Thursday, October 15, 2009
The Internet
The Internet today comprises hundreds of thousands of local area networks LANs worldwide, interconnected by a backbone wide area network WAN. LANs typically operate at rates of 10 to 100 Mbps. Corporate data networks typically have a much smaller speed connection to the Internet backbone compared with the LAN speeds. This is appropriate because LANs support the high bit rate traffic between workstations and file servers within a single organization. The WAN on the other hand supports electronic mail and infrequent file transfers that can be accomplished with low speed connections.
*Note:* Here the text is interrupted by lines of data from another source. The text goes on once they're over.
(* Let $\mathbf{Phys}$ and $\ast\mathbf{Mod}$ be as in the context. The assignments $(A,\varphi)\mapsto (A, GNS(\varphi))$ on objects, and, for a morphism $f:(A,\varphi)\to(B,\psi)$ of $\mathbf{Phys}$ (a $\ast$-homomorphism $f:B\to A$), $$GNS(f) : GNS(\psi)=B/B^\perp \to GNS(\varphi)=A/A^\perp,\qquad [x]\mapsto [f(x)],$$ are well defined, with $(f, GNS(f))$ a morphism $(B,GNS(\psi))\to(A,GNS(\varphi))$ of $\ast\mathbf{Mod}$, and they form a strong symmetric monoidal contravariant functor $GNS:\mathbf{Phys}^{op}\to\ast\mathbf{Mod}$ lying over the functor $(A,\varphi)\mapsto A$; in particular $GNS(\varphi\otimes\psi)\cong GNS(\varphi)\otimes GNS(\psi)$ via $[a\otimes b]\mapsto [a]\otimes[b]$.
   Context: $\ast$-algebras: unital complex algebras with conjugate-linear involutive anti-homomorphism $\ast$; $\ast$-homomorphisms unital and $\ast$-preserving. Hermitian forms linear in the first variable, possibly indefinite. A $\ast$-module over $A$: vector space with nondegenerate Hermitian form and unital left $A$-module structure with $\langle am,n\rangle=\langle m,a^\ast n\rangle$. A representable state on $A$ is a linear $\varphi:A\to\mathbb{C}$ with $\varphi(a^\ast)=\overline{\varphi(a)}$; $A^\perp$ is the radical of $\langle a,b\rangle_\varphi=\varphi(b^\ast a)$ and $GNS(\varphi)=A/A^\perp$ with induced form and left multiplication. A $\ast$-homomorphism $f:B\to A$ is admissible for a representable state $\varphi$ on $A$ if $B^\perp\subseteq f^{-1}(A^\perp)$, with $B^\perp$ computed for $\varphi\circ f$. $\mathbf{Phys}$: objects are pairs $(A,\varphi)$, $\varphi$ a representable state on $A$; morphisms $(A,\varphi)\to(B,\psi)$ are $\ast$-homomorphisms $f:B\to A$ with $\varphi\circ f=\psi$ that are admissible for $\varphi$; composition is composition of homomorphisms; monoidal product $(A,\varphi)\otimes(B,\psi)=(A\otimes B,\varphi\otimes\psi)$, unit $(\mathbb{C},\mathrm{id})$. $\ast\mathbf{Mod}$: objects pairs $(A,M)$ with $M$ a $\ast$-module over $A$; morphisms $(A,M)\to(B,N)$ are pairs $(f,h)$ with $f:A\to B$ a $\ast$-homomorphism and $h:M\to N$ a linear isometry ($\langle hx,hy\rangle=\langle x,y\rangle$) with $h(am)=f(a)h(m)$; monoidal product $(A,M)\otimes(B,N)=(A\otimes B, M\otimes N)$ with form $\langle m\otimes n,m'\otimes n'\rangle=\langle m,m'\rangle\langle n,n'\rangle$. *)

From HB Require Import structures.
From mathcomp Require Import all_boot all_order all_algebra.
From mathcomp Require Import reals complex.
From Stdlib Require Import ClassicalEpsilon.
Set Implicit Arguments. Unset Strict Implicit. Unset Printing Implicit Defensive.
Import Order.TTheory GRing.Theory Num.Theory.
Local Open Scope ring_scope.

Section StarDefs.
Variable C : numClosedFieldType.

Definition lin (V W : lmodType C) (f : V -> W) :=
  forall (c : C) x y, f (c *: x + y) = c *: f x + f y.
Definition lfun (V : lmodType C) (f : V -> C) :=
  forall (c : C) x y, f (c *: x + y) = c * f x + f y.
Definition bilin (U V W : lmodType C) (t : U -> V -> W) :=
  (forall v, lin (fun u => t u v)) /\ (forall u, lin (t u)).

Definition is_tensor (V W T : lmodType C) (t : V -> W -> T) :=
  bilin t /\
  forall (U : lmodType C) (g : V -> W -> U), bilin g ->
    exists! h : T -> U, lin h /\ forall v w, h (t v w) = g v w.

Definition tensor_map (V W T V' W' T' : lmodType C)
  (t : V -> W -> T) (t' : V' -> W' -> T') (u : V -> V') (w : W -> W')
  (k : T -> T') := lin k /\ forall v x, k (t v x) = t' (u v) (w x).

Record starAlg := StarAlg {
  sa_car :> lmodType C;
  sa_mul : sa_car -> sa_car -> sa_car;
  sa_one : sa_car;
  sa_star : sa_car -> sa_car;
  sa_mulA : forall a b c, sa_mul a (sa_mul b c) = sa_mul (sa_mul a b) c;
  sa_mul1l : forall a, sa_mul sa_one a = a;
  sa_mul1r : forall a, sa_mul a sa_one = a;
  sa_mullin : forall (c : C) a b x,
      sa_mul (c *: a + b) x = c *: sa_mul a x + sa_mul b x;
  sa_mulrlin : forall (c : C) a b x,
      sa_mul x (c *: a + b) = c *: sa_mul x a + sa_mul x b;
  sa_starD : forall a b, sa_star (a + b) = sa_star a + sa_star b;
  sa_starZ : forall (c : C) a, sa_star (c *: a) = c^* *: sa_star a;
  sa_starM : forall a b, sa_star (sa_mul a b) = sa_mul (sa_star b) (sa_star a);
  sa_starK : forall a, sa_star (sa_star a) = a }.

Arguments sa_mul {s}.
Arguments sa_one {s}.
Arguments sa_star {s}.

Definition is_starhom (A B : starAlg) (f : A -> B) :=
  lin f /\ f sa_one = sa_one /\
  (forall a b, f (sa_mul a b) = sa_mul (f a) (f b)) /\
  (forall a, f (sa_star a) = sa_star (f a)).

Lemma unit_mullin (c : C) (a b x : C^o) :
  (c *: a + b) * x = c *: (a * x : C^o) + (b * x : C^o).
Proof. by rewrite mulrDl /GRing.scale /= mulrA. Qed.
Lemma unit_mulrlin (c : C) (a b x : C^o) :
  x * (c *: a + b) = c *: (x * a : C^o) + (x * b : C^o).
Proof. by rewrite mulrDr /GRing.scale /= mulrCA. Qed.
Lemma unit_starD (a b : C^o) : (a + b : C)^* = (a : C)^* + (b : C)^*.
Proof. exact: rmorphD. Qed.
Lemma unit_starZ (c : C) (a : C^o) : ((c *: a : C^o) : C)^* = c^* *: ((a : C)^* : C^o).
Proof. by rewrite /GRing.scale /= rmorphM. Qed.
Lemma unit_starM (a b : C^o) : ((a * b : C)^*) = (b : C)^* * (a : C)^*.
Proof. by rewrite rmorphM mulrC. Qed.
Lemma unit_starK (a : C^o) : ((a : C)^*)^* = a.
Proof. exact: conjCK. Qed.

Definition unitAlg : starAlg :=
  @StarAlg C^o (fun x y : C^o => (x * y : C)) (1 : C) (fun z : C^o => (z : C)^*)
    (@mulrA C) (@mul1r C) (@mulr1 C) unit_mullin unit_mulrlin
    unit_starD unit_starZ unit_starM unit_starK.

Definition unit_state (z : unitAlg) : C := z.

Definition is_state (A : starAlg) (phi : A -> C) :=
  lfun phi /\ forall a, phi (sa_star a) = (phi a)^*.

(* A^perp : radical of <a,b>_phi = phi (b^* a) *)
Definition perp (A : starAlg) (phi : A -> C) (a : A) : Prop :=
  forall b, phi (sa_mul (sa_star b) a) = 0.

Definition admissible (A B : starAlg) (phi : A -> C) (f : B -> A) :=
  forall b, perp (phi \o f) b -> perp phi (f b).

(* morphism (A,phi) -> (B,psi) of Phys : a *-homomorphism f : B -> A *)
Definition phys_mor (A : starAlg) (phi : A -> C) (B : starAlg) (psi : B -> C)
  (f : B -> A) :=
  is_starhom f /\ (forall b, phi (f b) = psi b) /\ admissible phi f.

(* (A, phi) (x) (B, psi) = (T, chi): T an algebraic tensor product of
   *-algebras, chi = phi (x) psi *)
Definition is_alg_tensor (A B T : starAlg) (t : A -> B -> T) :=
  is_tensor t /\
  (forall a b a' b', sa_mul (t a b) (t a' b') = t (sa_mul a a') (sa_mul b b')) /\
  sa_one = t sa_one sa_one /\
  (forall a b, sa_star (t a b) = t (sa_star a) (sa_star b)).

Definition is_state_tensor (A B T : starAlg) (t : A -> B -> T)
  (phi : A -> C) (psi : B -> C) (chi : T -> C) :=
  lfun chi /\ forall a b, chi (t a b) = phi a * psi b.

Definition is_starMod (A : starAlg) (M : lmodType C)
  (form : M -> M -> C) (act : A -> M -> M) :=
  (forall z, lfun (fun x => form x z)) /\
  (forall x y, form y x = (form x y)^*) /\
  (forall x, (forall y, form x y = 0) -> x = 0) /\
  bilin act /\
  (forall a b m, act (sa_mul a b) m = act a (act b m)) /\
  (forall m, act sa_one m = m) /\
  (forall a m n, form (act a m) n = form m (act (sa_star a) n)).

Definition mod_mor (A : starAlg) (M : lmodType C) (fM : M -> M -> C)
  (aM : A -> M -> M) (B : starAlg) (N : lmodType C) (fN : N -> N -> C)
  (aN : B -> N -> N) (f : A -> B) (h : M -> N) :=
  is_starhom f /\ lin h /\ (forall x y, fN (h x) (h y) = fM x y) /\
  (forall a m, h (aM a m) = aN (f a) (h m)).

(* monoidal product in *Mod: (T, MN) with MN a tensor product of M, N,
   form <m(x)n, m'(x)n'> = <m,m'><n,n'>, action (a(x)b)(m(x)n) = am (x) bn *)
Definition is_mod_tensor (A B T : starAlg) (t : A -> B -> T)
  (M : lmodType C) (fM : M -> M -> C) (aM : A -> M -> M)
  (N : lmodType C) (fN : N -> N -> C) (aN : B -> N -> N)
  (MN : lmodType C) (m : M -> N -> MN) (fMN : MN -> MN -> C) (aMN : T -> MN -> MN) :=
  is_tensor m /\
  (forall z, lfun (fun x => fMN x z)) /\
  (forall x (c : C) y z, fMN x (c *: y + z) = c^* * fMN x y + fMN x z) /\
  bilin aMN /\
  (forall x y x' y', fMN (m x y) (m x' y') = fM x x' * fN y y') /\
  (forall a b x y, aMN (t a b) (m x y) = m (aM a x) (aN b y)).

Definition unit_form (z w : C^o) : C := z * w^*.
Definition unit_act (z : unitAlg) (w : C^o) : C^o := (z : C) * w.

(* (Q, pi) realizes GNS(phi) = A / A^perp : pi is the quotient map *)
Definition is_gns (A : starAlg) (phi : A -> C) (Q : lmodType C) (pi : A -> Q) :=
  lin pi /\ (forall q, exists a, pi a = q) /\ (forall a, pi a = 0 <-> perp phi a).

Definition rep (A : starAlg) (Q : Type) (pi : A -> Q) (q : Q) : A :=
  epsilon (inhabits 0) (fun a => pi a = q).

Definition gns_form (A : starAlg) (phi : A -> C) (Q : lmodType C) (pi : A -> Q)
  (x y : Q) : C := phi (sa_mul (sa_star (rep pi y)) (rep pi x)).
Definition gns_act (A : starAlg) (Q : lmodType C) (pi : A -> Q) (a : A) (x : Q) : Q :=
  pi (sa_mul a (rep pi x)).

Definition gns_map (A B : starAlg) (QA QB : lmodType C) (piA : A -> QA)
  (piB : B -> QB) (f : B -> A) (x : QB) : QA := piA (f (rep piB x)).

Definition gns_cmp (A B T : starAlg) (t : A -> B -> T) (QA QB QT V : lmodType C)
  (piA : A -> QA) (piB : B -> QB) (piT : T -> QT) (m : QA -> QB -> V)
  (h : QT -> V) := lin h /\ forall a b, h (piT (t a b)) = m (piA a) (piB b).

Definition GNS_objects :=
  forall (A : starAlg) (phi : A -> C) (Q : lmodType C) (pi : A -> Q),
    is_state phi -> is_gns phi pi ->
    is_starMod (gns_form phi pi) (gns_act pi) /\
    (forall a b, gns_form phi pi (pi a) (pi b) = phi (sa_mul (sa_star b) a)) /\
    (forall a b, gns_act pi a (pi b) = pi (sa_mul a b)).

Definition GNS_morphisms :=
  forall (A : starAlg) (phi : A -> C) (B : starAlg) (psi : B -> C) (f : B -> A)
    (QA QB : lmodType C) (piA : A -> QA) (piB : B -> QB),
    is_state phi -> is_state psi -> is_gns phi piA -> is_gns psi piB ->
    phys_mor phi psi f ->
    (forall x, gns_map piA piB f (piB x) = piA (f x)) /\
    mod_mor (gns_form psi piB) (gns_act piB) (gns_form phi piA) (gns_act piA)
      f (gns_map piA piB f).

Definition GNS_functorial :=
  (forall (A : starAlg) (phi : A -> C) (Q : lmodType C) (pi : A -> Q),
    is_state phi -> is_gns phi pi -> forall x, gns_map pi pi id x = x) /\
  (forall (A : starAlg) (phi : A -> C) (B : starAlg) (psi : B -> C)
    (D : starAlg) (om : D -> C) (f : B -> A) (g : D -> B)
    (QA QB QD : lmodType C) (piA : A -> QA) (piB : B -> QB) (piD : D -> QD),
    is_state phi -> is_state psi -> is_state om ->
    is_gns phi piA -> is_gns psi piB -> is_gns om piD ->
    phys_mor phi psi f -> phys_mor psi om g ->
    forall x, gns_map piA piD (f \o g) x = gns_map piA piB f (gns_map piB piD g x)).

Definition GNS_tensor_iso :=
  forall (A B T : starAlg) (t : A -> B -> T) (phi : A -> C) (psi : B -> C)
    (chi : T -> C) (QA QB QT : lmodType C) (piA : A -> QA) (piB : B -> QB)
    (piT : T -> QT) (V : lmodType C) (m : QA -> QB -> V)
    (fV : V -> V -> C) (aV : T -> V -> V),
    is_state phi -> is_state psi -> is_alg_tensor t ->
    is_state_tensor t phi psi chi ->
    is_gns phi piA -> is_gns psi piB -> is_gns chi piT ->
    is_mod_tensor t (gns_form phi piA) (gns_act piA) (gns_form psi piB)
      (gns_act piB) m fV aV ->
    exists h : QT -> V,
      gns_cmp t piA piB piT m h /\
      mod_mor (gns_form chi piT) (gns_act piT) fV aV id h /\ bijective h.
Saturday, October 10, 2009
Network externalities
Externalities provide a powerful incentive for inter networking. When two independent networks are interconnected, the value to the users of both networks increases. The extra sources needed to implement the inter connection are few if the two networks follow compatible standards. The combination of network scale economies which reduce per user benefits as the network grows creates positive feedback that can lead to an exponential growth in demand and supply of network services. Examples of this growth occurred in the demand for facsimile machines and Internet access.
Saturday, October 3, 2009
Digitization
There are two aspects to digitization. First any information bearing signal can be represented by a binary string with an arbitrarily high degree of accuracy. Second It is much cheaper to store, copy, manipulate and transmit a digital signal than an analog signal, because advances in electronics have made digital circuits much more robust and cheaper than analog circuits. Because of these two aspects the overwhelming majority of today’s communication systems are digital.